- Task statement -
Print nothing but the lines below starting at the line that holds "rewrite -big_split /= mulr_sumr;" and ending at the line that holds "by rewrite opprD addrA [c - X t - _]addrAC.", including both, each exactly as written.
--- Data for the task ---
(* Let $m\ge 3$, let $C$ be a set of $m$ candidates, and let $T$ be the set of all $m!$ strict rankings of $C$. Let $w=(w_1,\dots,w_m)$ satisfy $1=w_1\ge w_2\ge\cdots\ge w_m=0$, and for $t\in T$, $\alpha\in C$ let $\sigma_t(\alpha)=w_i$, where $i$ is the position of $\alpha$ in $t$. Suppose $n$ voters each independently choose a ranking uniformly at random from $T$, let $N_t$ be the number of voters choosing $t$, and let $|\alpha|=\sum_{t\in T}N_t\sigma_t(\alpha)$. Then $$\mathbb{P}\bigl(\text{the scores } |\alpha|,\ \alpha\in C,\ \text{are pairwise distinct}\bigr)\to 1\qquad\text{as } n\to\infty.$$ *)

From HB Require Import structures.
From mathcomp Require Import all_boot all_order all_algebra all_fingroup.
From mathcomp Require Import all_classical all_reals all_analysis.
Set Implicit Arguments. Unset Strict Implicit. Unset Printing Implicit Defensive.
Import Order.TTheory GRing.Theory Num.Theory.
Local Open Scope ring_scope.

(* Candidates: 'I_m.  Rankings: permutations t : {perm 'I_m}, read as
   t alpha = (0-based) position of candidate alpha in the ranking t.
   A profile of n voters: P : {ffun 'I_n -> {perm 'I_m}}. *)

Definition sigma (R : realType) (m : nat) (w : 'I_m -> R)
  (t : {perm 'I_m}) (alpha : 'I_m) : R := w (t alpha).

Definition Ncount (m n : nat) (P : {ffun 'I_n -> {perm 'I_m}})
  (t : {perm 'I_m}) : nat := #|[set v : 'I_n | P v == t]|.

Definition score (R : realType) (m n : nat) (w : 'I_m -> R)
  (P : {ffun 'I_n -> {perm 'I_m}}) (alpha : 'I_m) : R :=
  \sum_(t : {perm 'I_m}) (Ncount P t)%:R * sigma w t alpha.

Definition distinct_scores (R : realType) (m n : nat) (w : 'I_m -> R)
  (P : {ffun 'I_n -> {perm 'I_m}}) : bool :=
  [forall alpha : 'I_m, forall beta : 'I_m,
     (alpha != beta) ==> (score w P alpha != score w P beta)].

(* Voters choose independently and uniformly: the profile is uniform on
   {ffun 'I_n -> {perm 'I_m}} (m!^n profiles). *)
Definition prob_distinct (R : realType) (m : nat) (w : 'I_m -> R) (n : nat) : R :=
  (#|[set P : {ffun 'I_n -> {perm 'I_m}} | distinct_scores w P]|%:R)
  / (#|{ffun 'I_n -> {perm 'I_m}}|%:R).

From HB Require Import structures.
From mathcomp Require Import all_boot all_order all_algebra all_fingroup.
From mathcomp Require Import all_classical all_reals all_analysis.
From mathcomp Require Import zify ring lra.
Import Order.TTheory GRing.Theory Num.Theory numFieldNormedType.Exports.
Set Implicit Arguments. Unset Strict Implicit. Unset Printing Implicit Defensive.

(* For candidates a <> b the score difference |a| - |b| is the sum over the voters of
   X(t) = w(t a) - w(t b), with t uniform among the rankings and independent across voters.
   Composing with the transposition (a b) negates X, so X takes the values 1 and -1 equally
   often, and at least once (rank a first and b last).  Grouping the voters whose step is
   +-1, the number of profiles with a given sum is a nonnegative mixture of counts of
   +-1-walks of length k hitting a point.  Such a count is a single binomial coefficient
   C(k, j), and C(k, j)^4 (2k+1) <= C(2k, k)^2 (2k+1) <= 16^k, so it is o(2^k); the atoms with
   short walks only carry a geometrically vanishing share ((m! - e) / m!)^n of the mass,
   where e >= 1 is the number of rankings with X = 1.
   Hence P(|a| = |b|) -> 0, and a union bound over the pairs of candidates concludes. *)

Lemma mul_bin_central_succ k :
  'C(k.+1.*2, k.+1) * k.+1 = 2 * k.*2.+1 * 'C(k.*2, k).
Proof.
have bin_sym : 'C(k.*2.+1, k) = 'C(k.*2.+1, k.+1).
  by rewrite -bin_sub; [congr binomial | ]; lia.
rewrite doubleS binS bin_sym mulnDl (mulnC _ k.+1) -mul_bin_diag /=; lia.
Qed.

Lemma central_bin_sqr_le k : 'C(k.*2, k) ^ 2 * k.*2.+1 <= 16 ^ k.
Proof.
elim: k => [//|k IHk].
rewrite -(@leq_pmul2r (k.+1 ^ 2)) ?expn_gt0 //.
have -> : 'C(k.+1.*2, k.+1) ^ 2 * k.+1.*2.+1 * k.+1 ^ 2
    = ('C(k.*2, k) ^ 2 * k.*2.+1) * (4 * k.*2.+1 * k.+1.*2.+1).
  by rewrite -mulnAC -expnMn mul_bin_central_succ; ring.
have -> : 16 ^ k.+1 * k.+1 ^ 2 = 16 ^ k * (16 * k.+1 ^ 2) by rewrite expnS; ring.
apply: leq_mul => //; rewrite -!addnn; nia.
Qed.

Lemma bin_sqr_le_central k j : 'C(k, j) ^ 2 <= 'C(k.*2, k).
Proof.
have [jk | kj] := leqP j k; last by rewrite bin_small.
rewrite -addnn -binomial.Vandermonde (bigD1 (Ordinal (jk : j < k.+1))) //=.
rewrite bin_sub // -mulnn; exact: leq_addr.
Qed.

Lemma bin_pow4_le k j : 'C(k, j) ^ 4 * k.*2.+1 <= (2 ^ k) ^ 4.
Proof.
have -> : (2 ^ k) ^ 4 = 16 ^ k by rewrite -expnM mulnC expnM.
apply: leq_trans (central_bin_sqr_le k).
by rewrite (expnM _ 2 2) leq_mul2r leq_exp2r ?bin_sqr_le_central ?orbT.
Qed.

Local Open Scope ring_scope.

Section Walks.
Variable R : numDomainType.
Implicit Types (k : nat) (d : R).

(* Number of +1/-1 sequences of length k with sum d: those with j steps +1 sum to 2j - k. *)
Definition walk_count k d : R :=
  \sum_(j < k.+1) (d == j.*2%:R - k%:R)%:R * 'C(k, j)%:R.

Lemma walk_count0 d : walk_count 0 d = (d == 0)%:R.
Proof. by rewrite /walk_count big_ord1 subr0 mulr1. Qed.

Lemma walk_countS k d : walk_count k.+1 d = walk_count k (d - 1) + walk_count k (d + 1).
Proof.
rewrite /walk_count big_ord_recl.
under eq_bigr => j _ do rewrite lift0 binS natrD mulrDr.
rewrite big_split /= addrA addrC; congr (_ + _).
  apply: eq_bigr => j _; congr (_%:R * _).
  rewrite -subr_eq0 -[in RHS]subr_eq0; congr (_ == 0).
  by rewrite !doubleS -!muln2 !natrM -!natr1; ring.
rewrite [RHS]big_ord_recl big_ord_recr /= !bin0 (bin_small (ltnSn k)) mulr0 addr0.
congr (_ + _).
  congr (_%:R * _); rewrite -subr_eq0 -[in RHS]subr_eq0; congr (_ == 0).
  by rewrite -!natr1; ring.
apply: eq_bigr => j _; congr (_%:R * _).
rewrite -subr_eq0 -[in RHS]subr_eq0; congr (_ == 0).
by rewrite -!muln2 !natrM -!natr1; ring.
Qed.

Lemma walk_count_ge0 k d : 0 <= walk_count k d.
Proof. by apply: sumr_ge0 => j _; rewrite mulr_ge0. Qed.

Lemma walk_count_pow4_le k d : walk_count k d ^+ 4 * (k.*2.+1)%:R <= (2 ^ k)%:R ^+ 4.
Proof.
rewrite /walk_count.
have [j dj | no_j] := pickP (fun j : 'I_k.+1 => d == j.*2%:R - k%:R); last first.
  by rewrite big1 ?expr0n ?mul0r ?exprn_ge0 // => j _; rewrite no_j mul0r.
rewrite (bigD1 j) //= dj mul1r big1 ?addr0.
  by rewrite -!natrX -natrM ler_nat bin_pow4_le.
move=> i ij; rewrite (eqP dj) (inj_eq (addIr _)) eqr_nat.
by rewrite (inj_eq double_inj) (inj_eq val_inj) eq_sym (negbTE ij) mul0r.
Qed.

Lemma walk_count_le k d : walk_count k d <= (2 ^ k)%:R.
Proof.
rewrite -(ler_pXn2r (isT : (0 < 4)%N)) ?nnegrE ?walk_count_ge0 //.
apply: le_trans (walk_count_pow4_le k d); rewrite ler_peMr ?exprn_ge0 ?walk_count_ge0 //.
by rewrite ler1n.
Qed.

Lemma walk_count_le_eps k d (eps : R) : 0 < eps -> 1 <= eps ^+ 4 * (k.*2.+1)%:R ->
  walk_count k d <= eps * (2 ^ k)%:R.
Proof.
move=> eps_gt0 k_large.
rewrite -(ler_pXn2r (isT : (0 < 4)%N)) ?nnegrE ?walk_count_ge0 ?mulr_ge0 ?(ltW eps_gt0) //.
have k_gt0 : 0 < (k.*2.+1)%:R :> R by rewrite ltr0n.
rewrite -(ler_pM2r k_gt0).
apply: le_trans (walk_count_pow4_le k d) _.
by rewrite exprMn mulrAC ler_peMl ?exprn_ge0.
Qed.

End Walks.

Lemma walk_count_small (R : archiRealFieldType) (eps : R) : 0 < eps ->
  exists K, forall k d, (K <= k)%N -> walk_count k d <= eps * (2 ^ k)%:R.
Proof.
move=> eps_gt0; exists (Num.truncn (eps ^+ 4)^-1) => k d K_le_k.
apply: walk_count_le_eps => //.
have eps4_gt0 : 0 < eps ^+ 4 by rewrite exprn_gt0.
rewrite -ler_pdivrMl // mulr1; apply/ltW/(lt_le_trans (truncnS_gt _)).
by rewrite ler_nat ltnS (leq_trans K_le_k) // -addnn leq_addr.
Qed.

Definition ffcons (T : Type) n (t : T) (Q : {ffun 'I_n -> T}) : {ffun 'I_n.+1 -> T} :=
  [ffun i => if unlift ord0 i is Some j then Q j else t].

Lemma big_ffunS (V : nmodType) (T : finType) n (F : {ffun 'I_n.+1 -> T} -> V) :
  \sum_(Q : {ffun 'I_n.+1 -> T}) F Q = \sum_(t : T) \sum_(Q : {ffun 'I_n -> T}) F (ffcons t Q).
Proof.
rewrite pair_big /= (reindex (fun p : T * {ffun 'I_n -> T} => ffcons p.1 p.2)) //=.
exists (fun Q : {ffun 'I_n.+1 -> T} => (Q ord0, [ffun j => Q (lift ord0 j)])).
  move=> [t Q] _; rewrite /ffcons ffunE unlift_none; congr (_, _).
  by apply/ffunP => j; rewrite !ffunE liftK.
move=> Q _; apply/ffunP => i; rewrite ffunE.
by case: (unliftP ord0 i) => [j ->|->]; rewrite ?ffunE.
Qed.

Section SumHits.
Variables (R : numDomainType) (T : finType) (X : T -> R).

Definition sum_hits n c : R :=
  \sum_(Q : {ffun 'I_n -> T}) ((\sum_(v < n) X (Q v)) == c)%:R.

Lemma sum_hitsS n c : sum_hits n.+1 c = \sum_(t : T) sum_hits n (c - X t).
Proof.
rewrite /sum_hits big_ffunS; apply: eq_bigr => t _; apply: eq_bigr => Q _.
rewrite big_ord_recl /ffcons ffunE unlift_none.
under eq_bigr => i _ do rewrite ffunE liftK.
by rewrite [in RHS]eq_sym subr_eq eq_sym addrC.
Qed.

Definition other_steps := [set t | (X t != 1) && (X t != -1)].

Variable e : nat.
Hypotheses (card_steps1 : #|[set t | X t == 1]| = e)
  (card_stepsN1 : #|[set t | X t == -1]| = e).

Let one_neqN1 : (1 : R) != -1.
Proof. by rewrite -subr_eq0 opprK -mulr2n mulrn_eq0 oner_eq0. Qed.

Lemma card_steps : #|T| = (e.*2 + #|other_steps|)%N.
Proof.
rewrite -(cardsC [set t | X t == 1]) card_steps1 -addnn -addnA; congr (_ + _)%N.
rewrite -(cardsID [set t | X t == -1]) -card_stepsN1; congr (_ + _)%N; apply: eq_card => t.
  by rewrite !inE andbC; case: (X t =P -1) => // ->; rewrite eq_sym one_neqN1.
by rewrite !inE andbC.
Qed.

Lemma sum_hitsS_balanced n c : sum_hits n.+1 c =
  e%:R * (sum_hits n (c - 1) + sum_hits n (c + 1))
  + \sum_(t in other_steps) sum_hits n (c - X t).
Proof.
rewrite sum_hitsS (bigID (fun t => X t == 1)) /= [X in _ + X](bigID (fun t => X t == -1)) /=.
rewrite mulrDr addrA; congr (_ + _ + _).
- rewrite (eq_bigr (fun _ => sum_hits n (c - 1))) => [|t /eqP -> //].
  by rewrite -big_set sumr_const card_steps1 mulr_natl.
- rewrite (eq_bigl (fun t => X t == -1)) => [|t]; last first.
    by case: (X t =P -1) => [->|]; rewrite ?andbT ?andbF // eq_sym one_neqN1.
  rewrite (eq_bigr (fun _ => sum_hits n (c + 1))) => [|t /eqP ->]; last by rewrite opprK.
  by rewrite -big_set sumr_const card_stepsN1 mulr_natl.
- by apply: eq_bigl => t; rewrite !inE andbC.
Qed.

(* An atom (k, s, c) of L stands for c copies of the +1/-1 walks of length k, shifted by s:
   the voters taking a +1/-1 step contribute to the walk, the others to the shift. *)
Lemma sum_hits_walk_mixture n : exists L : seq (nat * R * R),
  [/\ forall c, sum_hits n c = \sum_(a <- L) a.2 * walk_count a.1.1 (c - a.1.2),
      {in L, forall a, 0 <= a.2} &
      forall z, \sum_(a <- L) a.2 * (2 ^ a.1.1)%:R * z ^+ a.1.1
                = (e.*2%:R * z + #|other_steps|%:R) ^+ n].
Proof.
elim: n => [|n [L [hitsE L_ge0 weightsE]]].
  exists [:: (0%N, 0, 1)]; split => [c||z]; rewrite ?big_seq1 /= ?mul1r ?expr0 //.
  - rewrite walk_count0 subr0 /sum_hits.
    under eq_bigr do rewrite big_ord0.
    by rewrite sumr_const card_ffun card_ord expn0 eq_sym.
  - by move=> a; rewrite inE => /eqP ->.
exists ([seq (a.1.1.+1, a.1.2, a.2 * e%:R) | a <- L] ++
        [seq (a.1.1, a.1.2 + X t, a.2) | a <- L, t <- enum other_steps]); split.
- move=> c; rewrite sum_hitsS_balanced big_cat big_map big_allpairs_dep /= !hitsE.
  under eq_bigr => t _ do rewrite hitsE.
  rewrite exchange_big /=; congr (_ + _).
    rewrite -big_split /= mulr_sumr; apply: eq_bigr => a _; rewrite walk_countS.
    by rewrite (addrAC c) (addrAC c 1); ring.
  apply: eq_bigr => a _; rewrite big_enum; apply: eq_bigr => t _.
  by rewrite opprD addrA [c - X t - _]addrAC.
- move=> a; rewrite mem_cat => /orP [/mapP [b bL ->] | /allpairsP [[b t] [bL _ ->]]] /=.
    by rewrite mulr_ge0 ?L_ge0.
  exact: L_ge0.
- move=> z; rewrite big_cat big_map big_allpairs_dep /= exprS -weightsE.
  rewrite mulrDl !mulr_sumr; congr (_ + _); apply: eq_bigr => a _.
    by rewrite expnS natrM -mul2n natrM exprS; ring.
  by rewrite big_enum sumr_const mulr_natl.
Qed.

End SumHits.

Section BalancedStepsLimit.
Variables (R : archiRealFieldType) (T : finType) (X : T -> R) (e : nat).
Hypotheses (card_steps1 : #|[set t | X t == 1]| = e)
  (card_stepsN1 : #|[set t | X t == -1]| = e).

Lemma sum_hits_le n c K (eps : R) : 0 <= eps ->
  (forall k d, (K <= k)%N -> walk_count k d <= eps * (2 ^ k)%:R) ->
  sum_hits X n c <= eps * #|T|%:R ^+ n + (2 ^ K)%:R * (#|T| - e)%:R ^+ n.
Proof.
move=> eps_ge0 walk_small.
have [L [hitsE L_ge0 weightsE]] := sum_hits_walk_mixture card_steps1 card_stepsN1 n.
(* The weight identity at z = 1 and z = 1/2 bounds the total weight and the weight
   of the short walks, whose counts are at most 2^K. *)
have -> : #|T|%:R = e.*2%:R * 1 + #|other_steps X|%:R :> R.
  by rewrite mulr1 -natrD -(card_steps card_steps1 card_stepsN1).
have -> : (#|T| - e)%:R = e.*2%:R * 2^-1 + #|other_steps X|%:R :> R.
  rewrite (card_steps card_steps1 card_stepsN1) -{1}addnn -addnA addKn natrD.
  by rewrite -muln2 natrM mulfK // pnatr_eq0.
rewrite -!weightsE hitsE !mulr_sumr -big_split big_seq [leRHS]big_seq /=.
apply: ler_sum => a aL.
have halves : (2 ^ a.1.1)%:R * 2^-1 ^+ a.1.1 = 1 :> R.
  by rewrite natrX -exprMn mulfV ?expr1n // pnatr_eq0.
rewrite expr1n mulr1 -mulrA halves mulr1.
have weight_ge0 := L_ge0 a aL.
have K_term_ge0 : 0 <= (2 ^ K)%:R * a.2 by rewrite mulr_ge0.
have [K_le_k | k_lt_K] := leqP K a.1.1.
  have := ler_wpM2l weight_ge0 (walk_small _ (c - a.1.2) K_le_k); lra.
have walk_le_K : walk_count a.1.1 (c - a.1.2) <= (2 ^ K)%:R.
  by rewrite (le_trans (walk_count_le _ _)) // ler_nat leq_exp2l // ltnW.
have := ler_wpM2l weight_ge0 walk_le_K.
have := mulr_ge0 eps_ge0 (mulr_ge0 weight_ge0 (ler0n _ (2 ^ a.1.1))); lra.
Qed.

Local Open Scope classical_set_scope.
---
- Answer section -
    rewrite -big_split /= mulr_sumr; apply: eq_bigr => a _; rewrite walk_countS.
    by rewrite (addrAC c) (addrAC c 1); ring.
  apply: eq_bigr => a _; rewrite big_enum; apply: eq_bigr => t _.
  by rewrite opprD addrA [c - X t - _]addrAC.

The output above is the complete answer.